Процессы в западнофранкском рыцарском обществе конца XI–XII в. протекали аналогично. В аграрном секторе с преобладанием натурального хозяйства возможности экспансии были практически исчерпаны. Разделение труда находилось на первых стадиях развития, торговый сектор общества только начинал расти. Большинство помещиков-рыцарей почти ничего не получили от этого роста, его результатами воспользовались немногие крупные феодалы. В самом обществе феодалов началась дифференциация, повлекшая за собой изменение уклада и стиля жизни.
В своем превосходном исследовании, посвященном временам Филиппа Августа, Люшер пишет: «Феодальное общество в целом, за исключением его элиты, вряд ли изменило своим обычаям и нравам IX в. Почти повсюду владелец замка оставался жестоким воякой-разбойником; он воевал, сражался на турнирах, проводил мирное время за охотой, разорялся из-за своей расточительности, угнетал крестьян, теснил соседей и грабил церковные владения»[55].

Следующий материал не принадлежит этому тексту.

(* Let $\mathrm V=(\mathscr V,\star)$ be a normal duoidal category and $\mathscr C$ a left $\mathscr V$-graded category. The assignment $(f,g,\varphi,\varphi')\mapsto(f_\ell,g_\ell,\varphi_r,\varphi'_r)$ is a bijection from the set of $\mathrm V$-graded squares in $\mathscr C$ onto the set of bigraded squares in the $(\mathscr V\times\mathscr V)$-graded category $\mathscr C_\star$.
   Context: $\mathscr V=(\mathscr V,\otimes,I,a,\ell,r)$ is a monoidal category. A normal duoidal category $\mathrm V=(\mathscr V,\star)$ consists of $\mathscr V$ together with a second monoidal structure $(\star,J,\alpha,\lambda,\rho)$ on the same category, natural interchange morphisms $\xi\colon(Y\otimes X)\star(Y'\otimes X')\to(Y\star Y')\otimes(X\star X')$ and morphisms $\mu\colon I\star I\to I$, $\nu\colon J\to I$, $\gamma\colon J\to J\otimes J$ satisfying the duoidal axioms (i.e. $\star$ and $J$ are opmonoidal functors for $\otimes$ with constraints $\xi,\mu$ and $\gamma,\nu$, and $\alpha,\lambda,\rho$ are opmonoidal transformations), with $\nu$ invertible; we assume $J=I$, $\nu=1_I$. Define $\sigma\colon X\star X'\to X\otimes X'$ as $(\rho\otimes\lambda)\circ\xi\circ(r^{-1}\star\ell^{-1})$ (through $(X\otimes I)\star(I\otimes X')$) and $\tau\colon X\star X'\to X'\otimes X$ as $(\lambda\otimes\rho)\circ\xi\circ(\ell^{-1}\star r^{-1})$ (through $(I\otimes X)\star(X'\otimes I)$). A left $\mathscr U$-graded category (for monoidal $\mathscr U$) has objects, sets $\mathscr C_X(A,B)$, reindexings $\alpha^*f$ along $\alpha\colon Y\to X$, composites $g\circ f\in\mathscr C_{Y\otimes X}(A,C)$, identities $\mathsf i_A\in\mathscr C_I(A,A)$, with functorial reindexing, $\beta^*g\circ\alpha^*f=(\beta\otimes\alpha)^*(g\circ f)$, $(h\circ g)\circ f=a^*(h\circ(g\circ f))$, $f\circ\mathsf i_A=r_X^*f$, $\mathsf i_B\circ f=\ell_X^*f$. $\mathscr C_\star$ is the left $(\mathscr V\times\mathscr V)$-graded category (componentwise $\otimes$) with the same objects, $(\mathscr C_\star)_{(X,X')}(A,B)=\mathscr C_{X\star X'}(A,B)$, reindexing along $(\alpha,\beta)$ given by $(\alpha\star\beta)^*$, composite $g\circ_\star f:=\xi^*(g\circ f)$, identities $\mu^*(\mathsf i_A)$. For $f\in\mathscr C_X(A,B)$ set $f_\ell:=\rho^*(f)\in(\mathscr C_\star)_{(X,I)}(A,B)$ and $f_r:=\lambda^*(f)\in(\mathscr C_\star)_{(I,X)}(A,B)$. A $\mathrm V$-graded square in $\mathscr C$ is $(f,g,\varphi,\varphi')$ with $f\in\mathscr C_X(A,A')$, $g\in\mathscr C_X(B,B')$, $\varphi\in\mathscr C_{X'}(A,B)$, $\varphi'\in\mathscr C_{X'}(A',B')$ and $\sigma^*(g\circ\varphi)=\tau^*(\varphi'\circ f)$ in $\mathscr C_{X\star X'}(A,B')$. A bigraded square in a $(\mathscr V\times\mathscr V)$-graded category $\mathscr D$ is $(f,g,\varphi,\varphi')$ with $f\in\mathscr D_{(X,I)}(A,A')$, $g\in\mathscr D_{(X,I)}(B,B')$, $\varphi\in\mathscr D_{(I,X')}(A,B)$, $\varphi'\in\mathscr D_{(I,X')}(A',B')$ and $(r_X^{-1},\ell_{X'}^{-1})^*(g\circ\varphi)=(\ell_X^{-1},r_{X'}^{-1})^*(\varphi'\circ f)$ in $\mathscr D_{(X,X')}(A,B')$. *)

From mathcomp Require Import ssreflect ssrfun ssrbool.
Lemma pseudo_aleph1_compact_cluster (T : topologicalType) (P : Type) (Pf : set P)
    (W : P -> set T) :
  pseudo_aleph1_compact T -> (forall p, Pf p -> open (W p) /\ W p !=set0) ->
  ~ countable Pf ->
  exists x : T, forall U, nbhs x U -> infinite_set [set p | Pf p /\ W p `&` U !=set0].
Proof.
move=> Tpa oW ncPf.
have [LF|/existsNP [x notLF]] := pselect (locally_finite_family (W @` Pf)); last first.
  exists x => U xU finU; apply: notLF; exists U; split => //.
  apply: sub_finite_set (finite_image W finU).
  by move=> _ [[p Pfp <-] WU]; exists p.
have cWPf : countable (W @` Pf).
  by apply: Tpa LF => _ [p Pfp <-]; exact: (oW p Pfp).1.
have [_ [p0 Pfp0 <-] infW] :
    exists2 A, (W @` Pf) A & infinite_set [set p | Pf p /\ W p = A].
  apply: contrapT => /forall2NP finW; apply: ncPf.
  have -> : Pf = \bigcup_(A in W @` Pf) [set p | Pf p /\ W p = A].
    by apply/seteqP; split => [p Pfp|p [A _ []//]]; exists (W p) => //; exists p.
  apply: bigcup_countable => // A WA; apply: finite_set_countable.
  by have [//|/contrapT] := finW A.
have [x Wx] := (oW p0 Pfp0).2; exists x => U xU.
apply: sub_infinite_set infW => p [Pfp Wp]; split => //.
by exists x; split; [rewrite Wp | exact: nbhs_singleton].
Qed.

Lemma ltr_dist_through {R : numDomainType} (u a b e e' : R) :
  `|u - a| < e -> `|u - b| < e' -> `|a - b| < e + e'.
Proof.
move=> ua ub; apply: le_lt_trans (ler_distD u a b) _.
by rewrite distrC ltrD.
Qed.

Section ContinuousExtension.
Context {R : realType} {I : Type} {X : I -> topologicalType} {Y : set (Prod X)}.
Hypothesis Y_fills : fills_countable_subproducts X Y.
Hypothesis Y_neq0 : Y !=set0.
Context {f : Y -> R}.
Hypothesis f_cont : continuous f.

Definition agree_on (J : set I) (p q : Prod X) := forall i, J i -> p i = q i.

Lemma fill_subProd {K : set I} (w : subProd X K) :
  countable K -> exists y : Y, projJ X K (val y) = w.
Proof.
move=> cK; have [K0|K0] := pselect (K !=set0).
  have : (projJ X K @` Y) w by rewrite Y_fills.
  by case=> p Yp <-; exists (SigSub (mem_set Yp)).
have [p Yp] := Y_neq0; exists (SigSub (mem_set Yp)).
apply: functional_extensionality_dep => j; exfalso; apply: K0.
by exists (val j); exact: set_valP.
Qed.

Lemma exists_fill (J : set I) (p : Prod X) :
  exists y : Y, countable J -> agree_on J (val y) p.
Proof.
have [cJ|ncJ] := pselect (countable J); last first.
  by have [q Yq] := Y_neq0; exists (SigSub (mem_set Yq)) => /ncJ.
have [y yp] := fill_subProd (projJ X J p) cJ; exists y => _ i Ji.
exact: (congr1 (fun w : subProd X J => w (SigSub (mem_set Ji))) yp).
Qed.

(* An arbitrary point of [Y] when [J] is uncountable. *)
Definition fill (J : set I) (p : Prod X) : Y := projT1 (cid (exists_fill J p)).

Lemma fillP {J} p : countable J -> agree_on J (val (fill J p)) p.
Proof. exact: projT2 (cid (exists_fill J p)). Qed.

Lemma exists_osc_box (y : Y) {e : R} : 0 < e ->
  exists SU : set I * (forall i, set (X i)),
    [/\ finite_set SU.1, forall i, open (SU.2 i) /\ SU.2 i (val y i) &
        forall u : Y, box SU.1 SU.2 (val u) -> `|f u - f y| < e].
Proof.
move=> e0; have /cvgrPdist_lt /(_ e e0) := f_cont y.
rewrite /nbhs /= => -[B [[W oW <-] Wy BA]].
have [S [U [fS oU SW]]] := nbhs_open_box (open_nbhs_nbhs (conj oW Wy)).
by exists (S, U); split => // u /SW Wu; rewrite distrC; exact: BA.
Qed.

Definition eps (k : nat) : R := k.+1%:R^-1.

Lemma eps_gt0 k : 0 < eps k.
Proof. by rewrite invr_gt0 ltr0n. Qed.

Lemma eq0_lt_eps (a : R) : (forall k, `|a| < eps k *+ 4) -> a = 0.
Proof.
move=> small; apply/eqP; apply: contraT => a0.
have a4 : 0 < `|a| / 4%:R by rewrite divr_gt0 // normr_gt0.
have [k] := ltr_add_invr a4.
rewrite add0r => ltk; have := small k; rewrite -/(eps k) in ltk; lra.
Qed.

Definition osc_box k (y : Y) := projT1 (cid (exists_osc_box y (eps_gt0 k))).
Definition supp k y := (osc_box k y).1.
Definition nbd k y := (osc_box k y).2.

Слои, связанные с растущим разделением труда и денежным обращением, пришли в движение; остальные упорно сопротивлялись ходу событий, в кои они вовлекались. Конечно, ни об одном социальном слое нельзя сказать, что он оставался «вне истории». Однако вполне можно констатировать, что жизненный уклад помещиков-рыцарей менялся чрезвычайно медленно. Они не принимали непосредственного и активного участия в том ускорившемся социальном движении, которое было порождено усилением обмена и растущим денежным обращением. Когда они стали ощущать на себе неблагоприятное воздействие этого движения, их реакция почти всегда приобретала невыгодную для них самих форму. Мелкие землевладельцы просто мешали переменам, смысла которых по большей части не понимали ни они сами, ни их крестьяне; чаще всего эти перемены рождали в них лишь ненависть. Когда их начинали теснить с земли слои, принимавшие участие в происходившем движении, они отвечали насилием. Мелкие феодалы кормились со своих земель, довольствуясь тем, что давали собственный хлев и труд крепостных. В этом отношении ничто не изменилось. Когда произведенных в их владениях продуктов недоставало (либо они желали большего), помещики прибегали к насилию, к разбою и грабежу. Таким было их простое и незамысловатое независимое существование — как рыцари, так и крестьяне долгое время оставались людьми, всецело привязанными к земле. Налоги, торговля, деньги, рост и падение рыночных цен — все это было чуждыми, а то и враждебными им явлениями из иного мира.
Сектор натурального хозяйства, на который и в Средневековье, и много позже приходилась подавляющая часть экономики общества, конечно, уже в те ранние времена был затронут социально-историческим движением. Но в сравнении с переменами, происходившими в других секторах, и вопреки всем потрясениям темпы существенных изменений здесь были крайне низки. И хотя этот сектор не пребывал «вне истории», он служил ареалом, где для огромного числа людей воспроизводились одни и те же жизненные условия и на протяжении Средневековья, и позже, в Новое время, когда это число, оставаясь весьма значительным, все же постепенно уменьшалось. Все произведенное в рамках одной хозяйственной единицы потреблялось на месте; взаимосвязь с другими районами и секторами общества стала ощутимой лишь позже, причем эта связь не была прямой. Процессы разделения труда и изменения техники шли здесь гораздо медленнее, чем в динамичном коммерциализованном секторе.
С большим запозданием проявились и те силы принуждения, те способы регуляции и сдерживания влечений, что стали формировать человеческую психику в мире, где господствуют деньги, в обществе с растущей функциональной дифференциацией, с увеличивающимся числом явных и неявных зависимостей. Влечения и поведение здесь труднее и медленнее покорялись цивилизации.